Однажды Таня нашла на садовой скамейке в тупиковом дворе Средне-Кисловского переулка строгого старика, сидящего очень прямо, не касаясь развалистой спинки, опирающегося деревянными руками на деревянную, с могучим полированным набалдашником, барскую трость. Таня села на ту же скамью с краю. Он, не поворачивая к ней большой головы, косо освещенной слабым фонарем, сказал глухим голосом:

– Таня, мне кажется, пора подавать обед.

– Откуда вы меня знаете? – изумилась она, в первую минуту не угадав случайного совпадения.

– Я повторяю, время обедать.

– А где вы живете? – спросила Таня.

Старик как будто немного смутился, забеспокоился, потом ответил не совсем уверенно:

– Я живу... здесь.

– Где – здесь? – переспросила Таня, уже догадавшись, что старик обеспамятел.

– Город Гадяч Полтавской губернии... – с достоинством ответил он.

– А как вас зовут?

– Пора подавать обед, – он заерзал на скамейке, пытаясь подняться из ее глубины и опираясь на палку. – Пора обедать.

Он осел, так и не сумев поднять своего довольно грузного тела.

Время шло к рассвету. Таня помогла ему выбраться из этого деревянного гамака и сказала:

– Пойдемте. Действительно, пора обедать. Таня ждет вас с обедом.

И она отвела его в отделение милиции, чтобы там помогли ему разыскать коварную Таню, которая вовремя не подала обед. Уже в милиции, сдавая величественного деда в руки мелкой власти, Таня заметила, что на палке было написано белой краской: Печатников пер., д.7, кв. 2. Лепко Александр Иванович.
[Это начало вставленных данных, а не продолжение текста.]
(* Let $S$ be a completely simple semigroup which is the union $S=S_1\cup S_2$ of two left simple subsemigroups $S_1,S_2$. Then either $S$ is left simple, or the union is disjoint and $S_1$ and $S_2$ are the minimal left ideals of $S$.
   Context: A semigroup is completely simple if it has no zero element, has no proper two-sided ideal, and contains an idempotent that is minimal for the order $p\le q\iff p=pq=qp$ on idempotents. A semigroup is left simple if it has no proper left ideal (a left ideal of $S$ being a non-empty $I\subset S$ with $SI\subset I$). *)

Definition associative_op {T : Type} (op : T -> T -> T) : Prop :=
  forall x y z, op x (op y z) = op (op x y) z.

Definition same_set {T : Type} (A B : T -> Prop) : Prop :=
  forall x, A x <-> B x.

Definition subset {T : Type} (A B : T -> Prop) : Prop :=
  forall x, A x -> B x.

Definition subsemigroup {T : Type} (op : T -> T -> T) (A : T -> Prop) : Prop :=
  (exists a, A a) /\ forall x y, A x -> A y -> A (op x y).

Definition left_ideal_in {T : Type} (op : T -> T -> T) (A I : T -> Prop) : Prop :=
  (exists i, I i) /\ subset I A /\ forall a i, A a -> I i -> I (op a i).

Definition ideal_in {T : Type} (op : T -> T -> T) (A I : T -> Prop) : Prop :=
  (exists i, I i) /\ subset I A /\
  (forall a i, A a -> I i -> I (op a i)) /\
  (forall a i, A a -> I i -> I (op i a)).

Definition left_simple_in {T : Type} (op : T -> T -> T) (A : T -> Prop) : Prop :=
  forall I, left_ideal_in op A I -> same_set I A.

Definition setT {T : Type} : T -> Prop := fun _ => True.

Definition is_zero {T : Type} (op : T -> T -> T) (z : T) : Prop :=
  forall x, op z x = z /\ op x z = z.

Definition idempotent {T : Type} (op : T -> T -> T) (e : T) : Prop :=
  op e e = e.

Definition idem_le {T : Type} (op : T -> T -> T) (p q : T) : Prop :=
  p = op p q /\ p = op q p.

Definition completely_simple {T : Type} (op : T -> T -> T) : Prop :=
  (~ exists z, is_zero op z) /\
  (forall I, ideal_in op setT I -> same_set I setT) /\
  (exists e, idempotent op e /\
     forall f, idempotent op f -> idem_le op f e -> f = e).

Definition minimal_left_ideal {T : Type} (op : T -> T -> T) (L : T -> Prop) : Prop :=
  left_ideal_in op setT L /\
  forall J, left_ideal_in op setT J -> subset J L -> same_set J L.

(* In a completely simple semigroup every set [S a] of left multiples is a
   minimal left ideal, i.e. [a] is a left multiple of [t a] for all [a], [t]:
   writing [a = u e v] with [e] the primitive idempotent, this reduces to
   [e v] being a left multiple of [s e v], which holds because every left ideal
   contained in [S e] contains [e].  A left simple subsemigroup containing [a]
   lies in [S a], so [S1] lies in [S a] and [S2] in [S b].  If [b] is in [S a],
   then [S = S a] and [S] is left simple; otherwise the minimal left ideals
   [S a] and [S b] are disjoint, and since they cover [S] they are [S1] and
   [S2]. *)

From Stdlib Require Import Classical.

Section Semigroup.
Context {T : Type} (op : T -> T -> T).
Hypothesis opA : associative_op op.

Definition left_multiples (a : T) : T -> Prop := fun x => exists t, x = op t a.

Lemma op_eq_r (u v w : T) : op u v = w -> forall z, op u (op v z) = op w z.
Proof. intros <- z. apply opA. Qed.

Lemma left_multiples_trans (a b x : T) :
  left_multiples a b -> left_multiples b x -> left_multiples a x.
Proof. intros [s ->] [t ->]. exists (op t s). apply opA. Qed.

Lemma left_ideal_left_multiples (a : T) : left_ideal_in op setT (left_multiples a).
Proof.
  split; [exists (op a a), a; reflexivity |].
  split; [intros x _; exact I |].
  intros y x _ [t ->]. exists (op y t). apply opA.
Qed.

Lemma left_ideal_contains_left_multiples (J : T -> Prop) (j : T) :
  left_ideal_in op setT J -> J j -> subset (left_multiples j) J.
Proof. intros [_ [_ Jmul]] Jj x [t ->]. apply Jmul; [exact I | exact Jj]. Qed.

Lemma left_simple_subset_left_multiples (X : T -> Prop) (a : T) :
  subsemigroup op X -> left_simple_in op X -> X a -> subset X (left_multiples a).
Proof.
  intros [_ Xmul] Xsimple Xa x Xx.
  set (J := fun z => exists t, X t /\ z = op t a).
  assert (HJ : left_ideal_in op X J).
  { split; [exists (op a a), a; split; [exact Xa | reflexivity] |].
    split.
    - intros z [t [Xt ->]]. apply Xmul; assumption.
    - intros y z Xy [t [Xt ->]]. exists (op y t).
      split; [apply Xmul; assumption | apply opA]. }
  destruct (proj2 (Xsimple J HJ x) Xx) as [t [_ ->]]. exists t. reflexivity.
Qed.

Lemma ideal_simple_factor :
  (forall J, ideal_in op setT J -> same_set J setT) ->
  forall a x, exists u v, x = op u (op a v).
Proof.
  intros Ssimple a x.
  set (J := fun z => exists u v, z = op u (op a v)).
  assert (HJ : ideal_in op setT J).
  { split; [exists (op a (op a a)), a, a; reflexivity |].
    split; [intros z _; exact I |].
    split.
    - intros w z _ [u [v ->]]. exists (op w u), v. apply opA.
    - intros w z _ [u [v ->]]. exists u, (op v w). rewrite !opA. reflexivity. }
  exact (proj2 (Ssimple J HJ x) I).
Qed.

Section PrimitiveIdempotent.
Variable e : T.
Hypothesis e_idem : idempotent op e.
Hypothesis e_primitive : forall f, idempotent op f -> idem_le op f e -> f = e.
Hypothesis ideal_simple : forall J, ideal_in op setT J -> same_set J setT.

Lemma left_ideal_below_idempotent_contains (L : T -> Prop) :
  (exists a, L a) -> (forall a, L a -> op a e = a) ->
  (forall y a, L a -> L (op y a)) -> L e.
Proof.
  intros [a La] Lbelow Lmul.
  pose proof (Lbelow a La) as ae.
  destruct (ideal_simple_factor ideal_simple a e) as [x [y exay]].
  pose proof (op_eq_r _ _ _ e_idem) as ee.
  pose proof (op_eq_r _ _ _ ae) as aez.
  assert (xay : forall z, op x (op a (op y z)) = op e z).
  { intro z. rewrite exay, !opA. reflexivity. }
  (* [f = e y e x a] is an idempotent below [e], since [x a y = e] and [a e = a]. *)
  set (f := op e (op y (op e (op x a)))).
  assert (Lf : L f) by (unfold f; repeat apply Lmul; exact La).
  assert (f_eq_e : f = e).
  { apply e_primitive; unfold idempotent, idem_le, f; rewrite <- !opA.
    - rewrite aez, xay, !ee. reflexivity.
    - split; [rewrite ae | rewrite ee]; reflexivity. }
  rewrite <- f_eq_e. exact Lf.
Qed.

Lemma idempotent_mul_mem_left_multiples (s c : T) :
  left_multiples (op s (op e c)) (op e c).
Proof.
  set (b := op s (op e c)).
  set (L := fun x => op x e = x /\ left_multiples b (op x c)).
  refine (proj2 (left_ideal_below_idempotent_contains L _ _ _)).
  - exists (op e (op s e)). split.
    + rewrite <- !opA, e_idem. reflexivity.
    + exists e. unfold b. rewrite <- !opA. reflexivity.
  - intros x [xe _]. exact xe.
  - intros y x [xe xc]. split.
    + rewrite <- opA, xe. reflexivity.
    + rewrite <- opA. apply (left_multiples_trans _ _ _ xc). exists y. reflexivity.
Qed.

End PrimitiveIdempotent.

Lemma completely_simple_mem_left_multiples :
  completely_simple op -> forall a t, left_multiples (op t a) a.
Proof.
  intros [_ [Ssimple [e [e_idem e_primitive]]]] a t.
  destruct (ideal_simple_factor Ssimple e a) as [u [v ->]].
  destruct (idempotent_mul_mem_left_multiples e e_idem e_primitive Ssimple (op t u) v)
    as [w ev].
  exists (op u w).
  transitivity (op u (op w (op (op t u) (op e v)))).
  - rewrite <- ev. reflexivity.
  - rewrite !opA. reflexivity.
Qed.

Section MinimalLeftMultiples.
Hypothesis mem_left_multiples : forall a t, left_multiples (op t a) a.

Lemma left_multiples_sym (a x : T) : left_multiples a x -> left_multiples x a.
Proof. intros [t ->]. apply mem_left_multiples. Qed.

Lemma left_multiples_subset (a b : T) :
  left_multiples a b -> subset (left_multiples a) (left_multiples b).
Proof.
  intros ab x ax. exact (left_multiples_trans b a x (left_multiples_sym a b ab) ax).
Qed.

Lemma left_multiples_disjoint (a b : T) :
  ~ left_multiples a b -> forall x, left_multiples a x -> left_multiples b x -> False.
Proof.
  intros nab x ax bx.
  exact (nab (left_multiples_trans a x b ax (left_multiples_sym b x bx))).
Qed.

Lemma left_simple_of_left_multiples (a : T) :
  (forall x, left_multiples a x) -> left_simple_in op setT.
Proof.
  intros all_a J HJ x. split; [intros _; exact I | intros _].
  destruct (proj1 HJ) as [j Jj].
  apply (left_ideal_contains_left_multiples J j HJ Jj).
  exact (left_multiples_subset a j (all_a j) x (all_a x)).
Qed.

Lemma minimal_left_ideal_left_multiples (X : T -> Prop) (a : T) :
  same_set X (left_multiples a) -> minimal_left_ideal op X.
Proof.
  intros HX. split.
  - destruct (left_ideal_left_multiples a) as [[x ax] [_ amul]].
    split; [exists x; apply HX, ax |].
    split; [intros z _; exact I |].
    intros y z _ Xz. apply HX, amul, HX, Xz. exact I.
  - intros J HJ JX x. split; [apply JX |]. intros Xx.
    destruct (proj1 HJ) as [j Jj].
    apply (left_ideal_contains_left_multiples J j HJ Jj).
    apply (left_multiples_subset a j); apply HX; [apply JX, Jj | exact Xx].
Qed.

Lemma minimal_left_ideal_eq (L X : T -> Prop) (a l : T) :
  same_set X (left_multiples a) -> minimal_left_ideal op L -> L l -> X l ->
  same_set L X.
Proof.
  intros HX [HL Lmin] Ll Xl x.
  assert (XL : subset X L).
  { intros z Xz. apply (left_ideal_contains_left_multiples L l HL Ll).
    apply (left_multiples_subset a l); apply HX; assumption. }
  destruct (minimal_left_ideal_left_multiples X a HX) as [HXl _].
  split; [apply (Lmin X HXl XL) | apply XL].
Qed.

End MinimalLeftMultiples.

End Semigroup.

Theorem lemma2p10 (T : Type) (op : T -> T -> T) (S1 S2 : T -> Prop) :
  associative_op op ->
  completely_simple op ->
  (forall x, S1 x \/ S2 x) ->
  subsemigroup op S1 -> left_simple_in op S1 ->
  subsemigroup op S2 -> left_simple_in op S2 ->
  left_simple_in op setT \/
  ((forall x, ~ (S1 x /\ S2 x)) /\
   minimal_left_ideal op S1 /\ minimal_left_ideal op S2 /\
   (forall L, minimal_left_ideal op L -> same_set L S1 \/ same_set L S2)).
Proof.
  intros opA CS cover HS1 LS1 HS2 LS2.
  pose proof (completely_simple_mem_left_multiples op opA CS) as Hmem.
  destruct (proj1 HS1) as [a S1a]. destruct (proj1 HS2) as [b S2b].
  pose proof (left_simple_subset_left_multiples op opA S1 a HS1 LS1 S1a) as S1_a.
  pose proof (left_simple_subset_left_multiples op opA S2 b HS2 LS2 S2b) as S2_b.
  destruct (classic (left_multiples op a b)) as [ab | nab].
  - left. apply (left_simple_of_left_multiples op opA Hmem a).
    intro x. destruct (cover x) as [H | H]; [exact (S1_a x H) |].
    exact (left_multiples_trans op opA a b x ab (S2_b x H)).
  - right.
    pose proof (left_multiples_disjoint op opA Hmem a b nab) as disj.
    assert (E1 : same_set S1 (left_multiples op a)).
    { intro x. split; [apply S1_a | intro ax].
      destruct (cover x) as [H | H]; [exact H | destruct (disj x ax (S2_b x H))]. }
    assert (E2 : same_set S2 (left_multiples op b)).
    { intro x. split; [apply S2_b | intro bx].
      destruct (cover x) as [H | H]; [destruct (disj x (S1_a x H) bx) | exact H]. }
    split; [| split; [| split]].
    + intros x [H1 H2]. exact (disj x (S1_a x H1) (S2_b x H2)).
    + exact (minimal_left_ideal_left_multiples op opA Hmem S1 a E1).
    + exact (minimal_left_ideal_left_multiples op opA Hmem S2 b E2).
    + intros L HL. destruct (proj1 (proj1 HL)) as [l Ll].
      destruct (cover l) as [H | H]; [left | right];
        eapply (minimal_left_ideal_eq op opA Hmem); eassumption.
Qed.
– До свидания, Александр Иванович, – попрощалась Таня, жалея, что не заметила раньше сопроводительного письма, написанного на палке.

«Предпоследняя ступень свободы», – прежде такая мысль не пришла бы ей в голову.

Когда она вышла из милиции, уже рассветало. Ночные люди укрылись, а дневные еще не вылезли из своих нор. Настроение у Тани было прекрасным, и она решила, что, выспавшись, поедет в лабораторию к часу, когда лаборантки собираются в препараторской для общего чая, купит по дороге торт, каких-нибудь конфет, чтобы отметить таким образом свое освобождение...

С чаем получилось неудачно. Из шести лаборанток три были в отпуске, одна больна, а две оставшиеся были как раз наименее симпатичными – пожилая Тася Кухарикова и вороватая Галя Авдюшкина. Съели по два куска торта, остальное положили в холодильник. В лаборатории почти никого не было – кто в отпуске, кто на конференции, у кого библиотечный день. Марлена Сергеевна тоже была в отъезде.